Effective Data Science

Author

Zak Varty

Published

February 11, 2024

About this Course

Model building and evaluation are necessary but not sufficient skills for the effective practice of data science. In this module you will develop the technical and personal skills that are required to work successfully as a data scientist within an organisation.

During this module you will critically explore how to:

  • effectively scope and manage a data science project;
  • work openly and reproducibly;
  • efficiently acquire, manipulate, and present data;
  • interpret and explain your work for a variety of stakeholders;
  • ensure that your work can be put into production;
  • assess the ethical implications of your work as a data scientist.

This interdisciplinary course will draw from fields including statistics, computing, management science and data ethics. Each topic will be investigated through a selection of lecture videos, conference presentations and academic papers, supported by hands-on lab exercises and readings on industry best-practices as published by recognised professional bodies.

Schedule

These notes are intended for students on the course MATH70076: Data Science in the academic year 2023/24.

As the course is scheduled to take place over five weeks, the suggested schedule is:

  • 1st week: effective data science workflows;
  • 2nd week: acquiring and sharing data;
  • 3rd week: exploratory data analysis and visualisation;
  • 4th week: preparing for production;
  • 5th week: ethics and context of data science.
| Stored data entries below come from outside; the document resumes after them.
Lemma xyadj_shift (d i j i' j' : nat) : 0 < i -> 0 < i' ->
  (i, j) != (d.*2.+1, 1) -> (i', j') != (d.*2.+1, 1) ->
  xyadj d.*2 i j i' j' = xyadj d.*2.+2 i j i' j' (+) (toggle d.*2 i i' (+) toggle d.*2 i' i).
Proof.
wlog le_ii' : i j i' j' / i <= i' => [W|].
  move=> i0 i'0 u_ij u_ij'; case: (leqP i i') => [h|/ltnW h]; first exact: W.
  by rewrite xyadj_sym (xyadj_sym d.*2.+2) [toggle _ _ _ (+) _]addbC; apply: W.
move=> i0 i'0 _ u_ij'; set b := d.*2.
have ob : odd b = false by rewrite odd_double.
have [le_i'b | lt_bi'] := leqP i' b.
  have le_ib := leq_trans le_ii' le_i'b.
  rewrite !xyadj_le; try lia.
  by rewrite /toggle !ltnNge le_i'b le_ib /= !andbF !addbF.
rewrite [toggle b i' i]/toggle (gtn_eqF lt_bi') addbF.
case: (ltngtP i b) => [lt_ib | lt_bi | eib].
- rewrite xyadj_cross // /toggle (ltn_eqF lt_ib).
  have lt_ib2 : i < b.+2 by lia.
  case: (leqP i' b.+2) => le_i'b2; last by rewrite xyadj_cross.
  by rewrite xyadj_le ?(ltnW lt_ib2) // xadj_far // (leq_ltn_trans lt_ib lt_bi').
- rewrite xyadj_ge ?(ltnW lt_bi) ?(ltnW lt_bi') // /toggle (gtn_eqF lt_bi) addbF.
  case: (leqP i' b.+2) => le_i'b2.
    rewrite xyadj_le ?(leq_trans le_ii') //.
    case: (eqVneq i' i) => [->|ne_i'i]; first by rewrite xadj_same yadj_same.
    have [-> ->] : i = b.+1 /\ i' = b.+2 by lia.
    by rewrite xadj_next yadj_next_odd // oddS ob.
  case: (eqVneq i b.+1) => [->|ne_ib1].
    by rewrite xyadj_cross // yadj_far_odd // oddS ob.
  by rewrite xyadj_ge //; lia.
- subst i; rewrite xyadj_ge ?(ltnW lt_bi') // /toggle eqxx lt_bi' andbT.
  have [eb1|[->|lt_b2i']] : i' = b.+1 \/ i' = b.+2 \/ b.+2 < i' by lia.
  + move: u_ij'; rewrite eb1 xpair_eqE eqxx /= => /negbTE j'1.
    rewrite yadj_next_even ?ob // j'1 orbF xyadj_le; try lia.
    by rewrite xadj_next ltnNge; case: (j' <= j).
  + rewrite yadj_skip xyadj_le; try lia.
    by rewrite xadj_far // !oddS ob.
  + by rewrite yadj_far_even ?ob // xyadj_cross.
Qed.

Lemma xyadj_u (d i j : nat) : 0 < i -> 0 < j ->
  (i, j) != (d.*2.+1, 1) -> (i, j) != (d.*2.+2, 1) ->
  xyadj d.*2.+2 i j d.*2.+1 1 = (i == d.*2).
Proof. rewrite !xpair_eqE => *; grid_decide. Qed.

Lemma xyadj_v (d i j : nat) : 0 < i -> 0 < j ->
  (i, j) != (d.*2.+1, 1) -> (i, j) != (d.*2.+2, 1) ->
  xyadj d.*2.+2 i j d.*2.+2 1 = odd i && (d.*2 < i).
Proof. rewrite !xpair_eqE => *; grid_decide. Qed.

Lemma xyadj_u_shift (d i j : nat) : 0 < i -> 0 < j ->
  (i, j) != (d.*2.+1, 1) -> (i, j) != (d.*2.+2, 1) ->
  xyadj d.*2 d.*2.+1 1 i j = xyadj d.*2.+2 d.*2.+1 1 i j.
Proof. rewrite !xpair_eqE => *; grid_decide. Qed.

Lemma xyadj_v_shift (d i j : nat) : 0 < i -> 0 < j ->
  (i, j) != (d.*2.+1, 1) -> (i, j) != (d.*2.+2, 1) ->
  xyadj d.*2 d.*2.+2 1 i j = xyadj d.*2.+2 d.*2.+2 1 i j.
Proof. rewrite !xpair_eqE => *; grid_decide. Qed.

Lemma mateK i : 0 < i -> mate (mate i) = i.
Proof.
by case: i => // i _; rewrite /mate /=; case: (boolP (odd i)) => oi; rewrite /= ?oi ?negbK.
Qed.

Lemma mate_gt d i : d.*2 < i -> d.*2 < mate i.
Proof.
rewrite /mate; case: ifP => [_ /ltnW //|odd_i lt_di].
have : i != d.*2.+1 by apply: contraFneq odd_i => ->; rewrite /= odd_double.
lia.
Qed.

Section Grid.
Variable m : nat.

Lemma gvert_eqE (p q : gvert m) : (p == q) = ((col p, row p) == (col q, row q)).
Proof. by rewrite /col /row !xpair_eqE !eqSS !val_eqE. Qed.

Lemma gvertP (p q : gvert m) : col p = col q -> row p = row q -> p = q.
Proof. by move=> ep eq; apply/eqP; rewrite gvert_eqE ep eq. Qed.

Lemma col_le (p : gvert m) : col p <= m. Proof. exact: ltn_ord. Qed.

Definition XYgraph (c : nat) : rel (gvert m) :=
  fun p q => xyadj c (col p) (row p) (col q) (row q).

Lemma XYgraph_sym c : symmetric (XYgraph c).
Proof. by move=> p q; rewrite /XYgraph xyadj_sym. Qed.

Lemma XYgraph_irr c : irreflexive (XYgraph c).
Proof. by move=> p; rewrite /XYgraph xyadj_irr. Qed.

Lemma XYgraph_Xgraph : XYgraph m =2 Xgraph m.
Proof. by move=> p q; rewrite /XYgraph xyadj_le ?col_le. Qed.

Lemma XYgraph_Ygraph : XYgraph 0 =2 Ygraph m.
Proof. by move=> p q; rewrite /XYgraph xyadj_ge. Qed.

Lemma pivot_XYgraph d (u v : gvert m) :
  col u = d.*2.+1 -> row u = 1 -> col v = d.*2.+2 -> row v = 1 ->
  pivot (XYgraph d.*2.+2) u v =2 (fun x y => XYgraph d.*2 (tperm u v x) (tperm u v y)).
Proof.
move=> cu ru cv rv.
have off_uv x : x != u -> x != v ->
    (col x, row x) != (d.*2.+1, 1) /\ (col x, row x) != (d.*2.+2, 1).
  by rewrite !gvert_eqE cu ru cv rv.
apply: pivot_tperm; try exact: XYgraph_sym; try exact: XYgraph_irr.
- by rewrite /XYgraph cu ru cv rv xyadj_le // xadj_next.
- rewrite /XYgraph cu ru cv rv xyadj_ge; try lia.
  by rewrite yadj_next_odd // oddS odd_double.
- move=> y yu yv; have [uy vy] := off_uv y yu yv.
  by rewrite /XYgraph cu ru cv rv xyadj_u_shift // xyadj_v_shift.
- move=> x y xu xv yu yv; have [ux vx] := off_uv x xu xv; have [uy vy] := off_uv y yu yv.
  rewrite /XYgraph cu ru cv rv xyadj_shift //.
  by rewrite !xyadj_u // !xyadj_v // /toggle [odd (col x) && _ && _]andbC.
Qed.

Hypothesis m_even : ~~ odd m.

(* Ordinals are 0-indexed, hence the [.-1]. *)
Definition flip (c : nat) (p : gvert m) : gvert m :=
  if (row p == 1) && (c < col p) then (insubd p.1 (mate (col p)).-1, p.2) else p.

Lemma row_flip c p : row (flip c p) = row p.
Proof. by rewrite /flip; case: ifP. Qed.

Lemma col_flip c p :
  col (flip c p) = if (row p == 1) && (c < col p) then mate (col p) else col p.
Proof.
case: p => [[a a_lt] b]; rewrite /flip /col /row /=; case: ifP => // _.
rewrite val_insubd /mate /=; case: (boolP (odd a)) => odd_a /=.
  have a_gt0 : 0 < a by case: a odd_a {a_lt}.
  by rewrite ifT ?prednK // ltnW.
have a1_neq : a.+1 != m by apply: contraNneq m_even => <- /=.
by rewrite ifT // ltn_neqAle a1_neq a_lt.
Qed.

Lemma flip_id c p : col p <= c -> flip c p = p.
Proof. by rewrite /flip ltnNge => ->; rewrite andbF. Qed.

Lemma flipK d : involutive (flip d.*2).
Proof.
move=> p; apply: gvertP; last by rewrite !row_flip.
rewrite !col_flip row_flip; case: (row p == 1) => //=.
case: (ltnP d.*2 (col p)) => [lt_dp|le_pd]; last by rewrite ltnNge le_pd.
by rewrite (mate_gt lt_dp) mateK.
Qed.

Lemma flip_tperm d (u v x : gvert m) :
  col u = d.*2.+1 -> row u = 1 -> col v = d.*2.+2 -> row v = 1 ->
  tperm u v (flip d.*2.+2 x) = flip d.*2 x.
Proof.
move=> cu ru cv rv.
have flipK2 : involutive (flip d.*2.+2) := flipK d.+1.
have fix_u : flip d.*2.+2 u = u by rewrite flip_id // cu.
have fix_v : flip d.*2.+2 v = v by rewrite flip_id // cv.
case: tpermP => [xu|xv|xu xv].
- have -> : x = u by rewrite -(flipK2 x) xu fix_u.
  apply: gvertP; last by rewrite row_flip ru rv.
  by rewrite col_flip ru cu cv ltnSn /mate /= odd_double.
- have -> : x = v by rewrite -(flipK2 x) xv fix_v.
  apply: gvertP; last by rewrite row_flip ru rv.
  by rewrite col_flip rv cu cv (ltnW (ltnSn _)) /mate /= odd_double.
case: (eqVneq (row x) 1) => [rx|/negbTE rx]; last by rewrite /flip rx.
case: (ltnP d.*2.+2 (col x)) => [lt_vx|le_xv].
  by rewrite /flip rx eqxx lt_vx (ltnW (ltnW lt_vx)).
case: (ltnP d.*2 (col x)) => [lt_ux|le_xu]; last by rewrite !flip_id //; lia.
rewrite flip_id // in xu xv; exfalso.
have [cx|cx] : col x = d.*2.+1 \/ col x = d.*2.+2 by lia.
  by apply: xu; apply: gvertP; rewrite ?cx ?cu ?rx ?ru.
by apply: xv; apply: gvertP; rewrite ?cx ?cv ?rx ?rv.
Qed.

Lemma pivot_flipped_XYgraph d (u v : gvert m) :
  col u = d.*2.+1 -> row u = 1 -> col v = d.*2.+2 -> row v = 1 ->
  pivot (fun x y => XYgraph d.*2.+2 (flip d.*2.+2 x) (flip d.*2.+2 y)) u v =2
  (fun x y => XYgraph d.*2 (flip d.*2 x) (flip d.*2 y)).
Proof.
move=> cu ru cv rv x y.
have flip_inj : injective (flip d.*2.+2) := can_inj (flipK d.+1).
rewrite pivot_relabel // [flip _ u]flip_id ?cu // [flip _ v]flip_id ?cv //.
by rewrite pivot_XYgraph // !(flip_tperm _ cu ru cv rv).
Qed.
End Grid.

Lemma ovtxP m i j : 0 < i <= m -> 0 < j <= m ->
  exists2 p, ovtx m i j = Some p & col p = i /\ row p = j.
Proof.
move=> /andP[i_gt0 le_im] /andP[j_gt0 le_jm]; rewrite /ovtx.
case: insubP => [a _ ea|/negP[]]; last lia.
case: insubP => [b _ eb|/negP[]]; last lia.
by exists (a, b); rewrite // /col /row ea eb; split; lia.
Qed.

Theorem lemma12 (n : nat) : 1 <= n -> isomorphic (pivoted_X n) (Ygraph (n.*2)).
Proof.
move=> n_gt0; have m_even : ~~ odd n.*2 by rewrite odd_double.
pose step G k := opivot G (ovtx n.*2 (n.*2 - 2 * k).-1 1) (ovtx n.*2 (n.*2 - 2 * k) 1).
have stage k : k <= n -> foldl step (Xgraph n.*2) (iota 0 k) =2
    (fun x y => XYgraph (n - k).*2 (flip (n - k).*2 x) (flip (n - k).*2 y)).
  elim: k => [|k IH] le_kn.
    by move=> x y; rewrite subn0 !flip_id ?col_le // XYgraph_Xgraph.
  have [d ed] : exists d, n - k = d.+1 by exists (n - k).-1; lia.
  have [u eu [cu ru]] := @ovtxP n.*2 d.*2.+1 1 ltac:(lia) ltac:(lia).
  have [v ev [cv rv]] := @ovtxP n.*2 d.*2.+2 1 ltac:(lia) ltac:(lia).
  have -> : n - k.+1 = d by lia.
  move=> x y; rewrite -addn1 iotaD foldl_cat /= /step.
  have -> : n.*2 - 2 * k = d.*2.+2 by lia.
  rewrite eu ev /= (pivot_eq2 u v (IH (ltnW le_kn))) ed doubleS.
  exact: pivot_flipped_XYgraph.
exists (flip 0); split; first exact: inv_bij (flipK m_even 0).
by move=> x y; rewrite /pivoted_X -/step stage // subnn double0 XYgraph_Ygraph.
Qed.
An alternative pdf version of these notes may be downloaded here. Please be aware that this pdf version is secondary to this course webpage and will be updated less frequently.

Learning outcomes

On successful completion of this module students should be able to:

  1. Independently scope and manage a data science project;
  2. Source data from the internet through web scraping and APIs;
  3. Clean, explore and visualise data, justifying and documenting the decisions made;
  4. Evaluate the need for (and implement) approaches that are explainable, reproducible and scalable;
  5. Appraise the ethical implications of a data science projects, particularly the risks of compromising privacy or fairness and the potential to cause harm.

Allocation of Study Hours

Lectures: 10 Hours (2 hours per week)

Group Teaching: 5 Hours (1 hour per week)

Lab / Practical: 10 hours (2 hours per week)

Independent Study: 100 hours (11 hours per week + 45 hours coursework)

Drop-In Sessions: Each week there will be a 2-hour optional drop-in session to address any questions about the course or material. This is where you can get support from the course lecturer or GTA on the topics covered each week, either individually or in small groups.

These will be held on Fridays 15:00-17:00 in Huxley 711C.

Office Hours: Additionally, there will be an office hour each week. This is a weekly opportunity for 1-1 discussion with the course lecturer to address any individual questions, concerns or problems that you might have. These meetings can be in person or on Teams and can be academic (relating to course content or progress) or pastoral (relating to student well-being) in nature. To book a 1-1 meeting please use the link on the course blackboard page.

Office hours will be held on Mondays 15:00-16:00 in Huxley 6M20. (Week 3 alteration, 14:00-15:00)

Assessment Structure

The course will be assessed entirely by coursework, reflecting the practical and pragmatic nature of the course material.

Coursework 1 (30%): To be completed during the final week of the course, the week commencing 2024-02-12.

Coursework 2 (70%): To be released during the third week of the course and submitted following the examination period in Summer term (2024-01-29 until 2024-05-15 at 13:00).

Acknowledgements

These notes were created by Dr Zak Varty. They were inspired by a previous lecture series by Dr Purvasha Chakravarti at Imperial College London and draw from many resource that were made available by the R community, which are attributed throughout.